PURPOSE/OBJECTIVE(S): Malignancies found within vaginal tissue are often diagnosed as cancers of the cervix, vulva, or urethra and are clinically treated with similar modalities. However, the rarity of vaginal cancer may be an artifice of categorization; current treatment paradigms do not take into account tissue-specific mutations and differences in mechanistic pathways intracellularly. Understanding the shared and distinctly different transcriptional profiles of vaginal and cervical tumors at a single-cell resolution will provide insights in vaginal tumor biology and will open avenues for future clinical interventions.MATERIALS/METHODS: Biopsies of tumor and adjacent normal tissue from 9 patients (3 adenocarcinomas (ADC), 3 squamous cell carcinomas (SCC) from the cervix, and 3 vaginal SCC) were collected and analyzed by single-cell RNA sequencing (scRNA-seq) to compare the tumor, immune, and stromal features of cervical and vaginal cancers.
RESULTS: Collectively, over 50,000 cells were analyzed by scRNA-seq in this study. We performed dimensionality reduction and clustering analysis of the single-cell transcriptomes to identify the major cell types composing the vaginal and cervical tumor tissues. Compared to Cervical SCC, Vaginal SCC tissues showed reduced fractions of macrophages (-2.7 log2-fold; padj < 0.02) and T cells (-3.7 log2-fold; padj < 0.02) by differential cell proportion analysis (RAISIN). Likewise, the vaginal SCC epithelial cell compartments showed downregulation of inflammatory pathways including TNF signaling via NFKB (NES = -5.7, padj = 5.0 × 10-19), IL2 STAT5 signaling (NES = -4.5, padj = 1.6 × 10-12), and interferon gamma response (NES = -4.3, padj = 9.4 × 10-12), among the Hallmark pathway collection. On the other hand, vaginal SCC epithelial cells showed significant upregulation of oxidative phosphorylation (NES = 4.8, padj = 1.7 × 10-17), p53 pathway (NES = 4.2, padj = 1.8 × 10-13), mTORC1 signaling (NES = 4.2, padj = 1.9 × 10-13), and estrogen early and late response (NES = 4.0, padj < 7.5 × 10-12) compared to cervical SCC.

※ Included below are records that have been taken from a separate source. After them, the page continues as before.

(* Let $\gamma\in V$ and let $A\subset S^1$ be a closed subset with $A\neq S^1$. Then there exists $g\in V$ such that $A$ is weakly $\gamma^g$-wandering, where $\gamma^g=g^{-1}\gamma g$.
   Context: $S^1$ is the interval $[0,1]$ with $0$ and $1$ identified. Thompson's group $V$ is the group of left-continuous bijections of $S^1$ which map finite dyadic fractions to finite dyadic fractions, are differentiable except at finitely many finite dyadic fractions, and on each maximal interval of differentiability are linear with slope an integer power of $2$. For $\gamma\in V$, a subset $U\subseteq S^1$ is weakly $\gamma$-wandering if for every $n\in\mathbb{Z}$, either $\gamma^n$ fixes $U$ pointwise or $\gamma^n(U)\cap U=\emptyset$. *)

From Stdlib Require Import Reals Lra Lia ZArith ClassicalEpsilon.
Open Scope R_scope.

(* The circle S^1 = [0,1] with 0 ~ 1, represented by the half-open interval (0,1]
   (the point 0 = 1 is represented by 1). *)
Definition S1 (x : R) : Prop := 0 < x <= 1.

Definition dyadic (x : R) : Prop := exists (m : Z) (k : nat), x = IZR m / 2 ^ k.

(* Elements of Thompson's group V, as maps R -> R whose restriction to (0,1]
   is the circle map.  Left-continuous, piecewise linear with slopes powers of 2
   and finitely many dyadic breakpoints: on each (a_i, a_(i+1)] of a dyadic
   subdivision 0 = a_0 < ... < a_n = 1 the map is affine with slope 2^k_i. *)
Definition in_V (f : R -> R) : Prop :=
  (forall x, S1 x -> S1 (f x)) /\
  (forall x y, S1 x -> S1 y -> f x = f y -> x = y) /\
  (forall y, S1 y -> exists x, S1 x /\ f x = y) /\
  (forall x, S1 x -> dyadic x -> dyadic (f x)) /\
  exists (n : nat) (a : nat -> R),
    a 0%nat = 0 /\ a n = 1 /\
    (forall i, (i < n)%nat -> a i < a (S i)) /\
    (forall i, (i <= n)%nat -> dyadic (a i)) /\
    (forall i, (i < n)%nat -> exists (k : Z) (c : R),
        forall x, a i < x <= a (S i) -> f x = powerRZ 2 k * x + c).

Definition circ_inv (f : R -> R) (y : R) : R :=
  epsilon (inhabits 1) (fun x => S1 x /\ f x = y).

Definition powZ (f : R -> R) (n : Z) (x : R) : R :=
  match n with
  | Z0 => x
  | Zpos p => Nat.iter (Pos.to_nat p) f x
  | Zneg p => Nat.iter (Pos.to_nat p) (circ_inv f) x
  end.

Definition conjV (gamma g : R -> R) : R -> R :=
  fun x => circ_inv g (gamma (g x)).

Definition cdist (x y : R) : R := Rmin (Rabs (x - y)) (1 - Rabs (x - y)).

Definition circle_closed (A : R -> Prop) : Prop :=
  (forall x, A x -> S1 x) /\
  (forall x, S1 x -> (forall eps, eps > 0 -> exists y, A y /\ cdist x y < eps) -> A x).

Definition weakly_wandering (gamma : R -> R) (U : R -> Prop) : Prop :=
  forall n : Z,
    (forall x, U x -> powZ gamma n x = x) \/
    (forall x, U x -> ~ U (powZ gamma n x)).

(* Every element of V is, for some N, affine on each standard dyadic interval of length 2^-N,
   mapping it onto a standard dyadic interval.  Follow such an interval along its orbit as long
   as the iterates stay inside these pieces.  Either some interval stays forever, or each one is
   carried affinely onto another one by a part of itself; as there are finitely many, some
   interval is carried affinely onto itself by a part of itself.  At the first return of such an
   interval the iterate is a contraction, the identity or an expansion, and in each case a
   standard dyadic interval (a half, in the first and last cases) is weakly wandering.  Finally
   some g in V squeezes the complement of a small dyadic neighbourhood of a point outside A into
   that interval, so A is weakly wandering for the conjugate by g. *)

From Stdlib Require Import Reals Lra Lia ZArith ClassicalEpsilon Classical List Wf_nat.
Open Scope R_scope.

Definition pow2 (z : Z) : R := powerRZ 2 z.

Lemma pow2_pos z : 0 < pow2 z.
Proof. unfold pow2; apply powerRZ_lt; lra. Qed.

Lemma pow2_add a b : pow2 (a + b) = pow2 a * pow2 b.
Proof. unfold pow2; apply powerRZ_add; lra. Qed.

Lemma pow2_1 : pow2 1 = 2.
Proof. unfold pow2; simpl; lra. Qed.

Lemma pow2_m1 : pow2 (-1) = 1/2.
Proof. unfold pow2; simpl; lra. Qed.

Lemma pow2_IZR z : (0 <= z)%Z -> pow2 z = IZR (2 ^ z).
Proof.
  intros Hz. unfold pow2. rewrite <- (Z2Nat.id z Hz), <- pow_powerRZ, pow_IZR.
  reflexivity.
Qed.

Lemma pow2_lt a b : (a < b)%Z -> pow2 a < pow2 b.
Proof.
  intros Hab. replace b with (a + (b - a))%Z by lia. rewrite pow2_add, (pow2_IZR (b - a)) by lia.
  assert (2 <= 2 ^ (b - a))%Z.
  { replace (b - a)%Z with (Z.succ (b - a - 1)) by lia. rewrite Z.pow_succ_r by lia.
    pose proof (Z.pow_pos_nonneg 2 (b - a - 1)); lia. }
  apply IZR_le in H. pose proof (pow2_pos a). nra.
Qed.

Lemma pow2_le a b : (a <= b)%Z -> pow2 a <= pow2 b.
Proof.
  intros Hab. destruct (Z.eq_dec a b) as [->|]; [lra|]. apply Rlt_le, pow2_lt; lia.
Qed.

Lemma pow2_le_inv a b : pow2 a <= pow2 b -> (a <= b)%Z.
Proof. intros H. destruct (Z_lt_le_dec b a) as [Hba|]; auto. apply pow2_lt in Hba. lra. Qed.

Lemma pow2_opp_l e : pow2 (- e) * pow2 e = 1.
Proof. rewrite <- pow2_add. replace (- e + e)%Z with 0%Z by lia. reflexivity. Qed.

Lemma pow2_split e e2 : (e2 <= e)%Z -> pow2 e = IZR (2 ^ (e - e2)) * pow2 e2.
Proof. intros. rewrite <- pow2_IZR, <- pow2_add by lia. f_equal; lia. Qed.

Lemma pow2_shift e e' : pow2 (e' - e) * pow2 e = pow2 e'.
Proof. rewrite <- pow2_add. f_equal; lia. Qed.

(** * Standard dyadic intervals *)

Definition dint (e j : Z) (y : R) : Prop := IZR j * pow2 e < y <= (IZR j + 1) * pow2 e.

Definition dint_S1 (e j : Z) : Prop := (0 <= j)%Z /\ (IZR j + 1) * pow2 e <= 1.

Definition dint_sub (e2 j2 e j : Z) : Prop := forall y, dint e2 j2 y -> dint e j y.

Lemma dint_right e j : dint e j ((IZR j + 1) * pow2 e).
Proof. unfold dint. pose proof (pow2_pos e); split; lra. Qed.

Lemma S1_of_dint e j y : dint_S1 e j -> dint e j y -> S1 y.
Proof.
  unfold dint_S1, dint, S1; intros [H1 H2] [H3 H4]. apply IZR_le in H1.
  pose proof (pow2_pos e). split; nra.
Qed.

Lemma dint_S1_intro e j : (forall y, dint e j y -> S1 y) -> dint_S1 e j.
Proof.
  intros H. destruct (H _ (dint_right e j)) as [H1 H2]. split; auto.
  pose proof (pow2_pos e).
  assert (0 < IZR (j + 1)) by (rewrite plus_IZR; nra). apply lt_IZR in H3. lia.
Qed.

Lemma dint_S1_range N w : (0 <= N)%Z -> dint_S1 (- N) w <-> (0 <= w < 2 ^ N)%Z.
Proof.
  intros HN. unfold dint_S1. pose proof (pow2_opp_l N) as HP. pose proof (pow2_pos (- N)).
  rewrite (pow2_IZR N HN) in HP. split.
  - intros [H1 H2]. split; auto. apply lt_IZR.
    assert (IZR w + 1 <= IZR (2 ^ N)).
    { apply (Rmult_le_reg_r (pow2 (- N))); auto. lra. }
    rewrite <- plus_IZR in H0. apply le_IZR in H0. apply IZR_lt. lia.
  - intros [H1 H2]. split; auto. assert (w + 1 <= 2 ^ N)%Z as H3 by lia. apply IZR_le in H3.
    rewrite plus_IZR in H3. simpl in H3. nra.
Qed.

Lemma dint_S1_level e j : dint_S1 e j -> (e <= 0)%Z.
Proof.
  intros [H1 H2]. apply pow2_le_inv. apply IZR_le in H1. pose proof (pow2_pos e).
  unfold pow2 at 2; simpl. nra.
Qed.

Lemma dint_meet_bounds e j e2 j2 : (e2 <= e)%Z ->
  (exists y, dint e j y /\ dint e2 j2 y) ->
  (j * 2 ^ (e - e2) <= j2 /\ j2 + 1 <= (j + 1) * 2 ^ (e - e2))%Z.
Proof.
  intros He [y [[H1 H2] [H3 H4]]]. rewrite (pow2_split e e2 He) in H1, H2.
  set (M := (2 ^ (e - e2))%Z) in *. pose proof (pow2_pos e2).
  split.
  - assert (j * M < j2 + 1)%Z; [|lia]. apply lt_IZR.
    rewrite mult_IZR, plus_IZR. apply (Rmult_lt_reg_r (pow2 e2)); auto. simpl. nra.
  - assert (j2 < (j + 1) * M)%Z; [|lia]. apply lt_IZR.
    rewrite mult_IZR, plus_IZR. apply (Rmult_lt_reg_r (pow2 e2)); auto. simpl. nra.
Qed.

Lemma dint_sub_of_bounds e j e2 j2 : (e2 <= e)%Z ->
  (j * 2 ^ (e - e2) <= j2 /\ j2 + 1 <= (j + 1) * 2 ^ (e - e2))%Z -> dint_sub e2 j2 e j.
Proof.
  intros He [H1 H2] y [H3 H4]. unfold dint. rewrite (pow2_split e e2 He).
  set (M := (2 ^ (e - e2))%Z) in *. pose proof (pow2_pos e2).
  apply IZR_le in H1, H2. rewrite mult_IZR in H1, H2. rewrite !plus_IZR in H2. simpl in H2.
  split; nra.
Qed.

Lemma dint_sub_of_meet e j e2 j2 : (e2 <= e)%Z ->
  (exists y, dint e j y /\ dint e2 j2 y) -> dint_sub e2 j2 e j.
Proof. intros. apply dint_sub_of_bounds, dint_meet_bounds; auto. Qed.

Lemma dint_meet_same_level e j j2 : (exists y, dint e j y /\ dint e j2 y) -> j = j2.
Proof.
  intros H. pose proof (dint_meet_bounds e j e j2 (Z.le_refl _) H) as Hb.
  rewrite Z.sub_diag in Hb. simpl in Hb. lia.
Qed.

Lemma dint_sub_level e2 j2 e j : dint_sub e2 j2 e j -> (e2 <= e)%Z.
Proof.
  intros HS. apply Z.nlt_ge. intros Hlt.
  pose proof (pow2_pos e2) as Hp.
  assert (Hmid : dint e j ((IZR j2 + /2) * pow2 e2)) by (apply HS; unfold dint; split; nra).
  pose proof (HS _ (dint_right e2 j2)) as Hright.
  assert (Hhalf : pow2 e <= pow2 e2 * /2).
  { replace (/2) with (1/2) by lra. rewrite <- pow2_m1, <- pow2_add. apply pow2_le. lia. }
  destruct Hmid, Hright. nra.
Qed.

Lemma dint_sub_bounds e2 j2 e j : dint_sub e2 j2 e j ->
  (e2 <= e)%Z /\ (j * 2 ^ (e - e2) <= j2 /\ j2 + 1 <= (j + 1) * 2 ^ (e - e2))%Z.
Proof.
  intros HS. pose proof (dint_sub_level _ _ _ _ HS) as He. split; auto.
  apply dint_meet_bounds; auto. exists ((IZR j2 + 1) * pow2 e2).
  split; [apply HS|]; apply dint_right.
Qed.

Lemma dint_sub_S1 e2 j2 e j : dint_sub e2 j2 e j -> dint_S1 e j -> dint_S1 e2 j2.
Proof. intros. apply dint_S1_intro. intros. eapply S1_of_dint; eauto. Qed.

Lemma dint_half_sub e j b : (b = 0 \/ b = 1)%Z -> dint_sub (e - 1) (2 * j + b) e j.
Proof.
  intros Hb. apply dint_sub_of_bounds; [lia|].
  replace (e - (e - 1))%Z with 1%Z by lia. rewrite Z.pow_1_r. lia.
Qed.

Lemma dint_half_avoiding e j e' j' : (e' < e)%Z ->
  exists b, (b = 0 \/ b = 1)%Z /\ forall y, dint (e - 1) (2 * j + b) y -> ~ dint e' j' y.
Proof.
  intros He. destruct (classic (exists y, dint (e - 1) (2 * j) y /\ dint e' j' y)) as [Hy|Hn].
  - exists 1%Z. split; auto. intros y H1 H2.
    pose proof (dint_sub_of_meet (e - 1) (2 * j) e' j' ltac:(lia) Hy y H2) as [H3 H4].
    destruct H1. rewrite plus_IZR, mult_IZR in *. simpl in *. lra.
  - exists 0%Z. split; auto. intros y H1 H2. apply Hn. rewrite Z.add_0_r in H1. eauto.
Qed.

Lemma dint_containing e x : (e <= 0)%Z -> S1 x -> exists h, dint e h x /\ dint_S1 e h.
Proof.
  intros He [Hx1 Hx2]. pose proof (pow2_opp_l e) as Hopp. pose proof (pow2_pos e).
  pose proof (pow2_pos (- e)).
  set (z := x * pow2 (- e)).
  destruct (archimed (- z)) as [A1 A2]. set (h := (- up (- z))%Z).
  assert (Hh : IZR h < z <= IZR h + 1) by (unfold h; rewrite opp_IZR; lra).
  exists h. split; [|split].
  - assert (E : forall a, a * pow2 e * pow2 (- e) = a)
      by (intros; rewrite Rmult_assoc, (Rmult_comm (pow2 e)), Hopp; ring).
    unfold dint, z in *. split.
    + apply (Rmult_lt_reg_r (pow2 (- e))); auto. rewrite E. lra.
    + apply (Rmult_le_reg_r (pow2 (- e))); auto. rewrite E. lra.
  - assert (0 < z) by (apply Rmult_lt_0_compat; auto).
    assert (- 1 < h)%Z; [apply lt_IZR; simpl; lra | lia].
  - assert (Hlt : (h < 2 ^ (- e))%Z).
    { apply lt_IZR. rewrite <- pow2_IZR by lia. unfold z in Hh. nra. }
    assert (Hle : IZR h + 1 <= pow2 (- e)).
    { rewrite pow2_IZR, <- plus_IZR by lia. apply IZR_le. lia. }
    nra.
Qed.

Lemma dint_sub_containing e j e0 : dint_S1 e j -> (e <= e0)%Z -> (e0 <= 0)%Z ->
  exists h, dint_sub e j e0 h /\ dint_S1 e0 h.
Proof.
  intros Hs He He0.
  destruct (dint_containing e0 ((IZR j + 1) * pow2 e) He0) as [h [Hh1 Hh2]].
  { eapply S1_of_dint; eauto. apply dint_right. }
  exists h. split; auto. apply dint_sub_of_meet; auto. eexists; split; eauto. apply dint_right.
Qed.

Definition maps_affinely (f : R -> R) (i : nat) (e j e' j' : Z) : Prop :=
  forall x, dint e j x -> Nat.iter i f x = pow2 (e' - e) * x + (IZR j' - IZR j) * pow2 e'.

Lemma maps_affinely_into f i e j e' j' x :
  maps_affinely f i e j e' j' -> dint e j x -> dint e' j' (Nat.iter i f x).
Proof.
  intros HM Hx. rewrite (HM x Hx). destruct Hx as [H1 H2]. pose proof (pow2_shift e e').
  pose proof (pow2_pos (e' - e)). unfold dint. split.
  - apply (Rmult_lt_compat_l (pow2 (e' - e))) in H1; auto. nra.
  - apply (Rmult_le_compat_l (pow2 (e' - e))) in H2; [|lra]. nra.
Qed.

Lemma maps_affinely_onto f i e j e' j' y : maps_affinely f i e j e' j' -> dint e' j' y ->
  exists x, dint e j x /\ Nat.iter i f x = y.
Proof.
  intros HM [H1 H2]. pose proof (pow2_shift e e'). pose proof (pow2_pos (e' - e)).
  set (x := (y - (IZR j' - IZR j) * pow2 e') / pow2 (e' - e)).
  assert (Hx : pow2 (e' - e) * x = y - (IZR j' - IZR j) * pow2 e') by (unfold x; field; lra).
  assert (dint e j x).
  { unfold dint. pose proof (pow2_pos e). split.
    - apply (Rmult_lt_reg_l (pow2 (e' - e))); auto. nra.
    - apply (Rmult_le_reg_l (pow2 (e' - e))); auto. nra. }
  exists x. split; auto. rewrite (HM x H3). lra.
Qed.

CONCLUSION: These results highlight distinct differences in the cell type composition and cancer epithelial pathways in vaginal vs. cervical SCC. Among upregulated pathways in vaginal SCC, ER and mTORC1 pathway activation may represent targets for therapeutic intervention worthy of further investigation.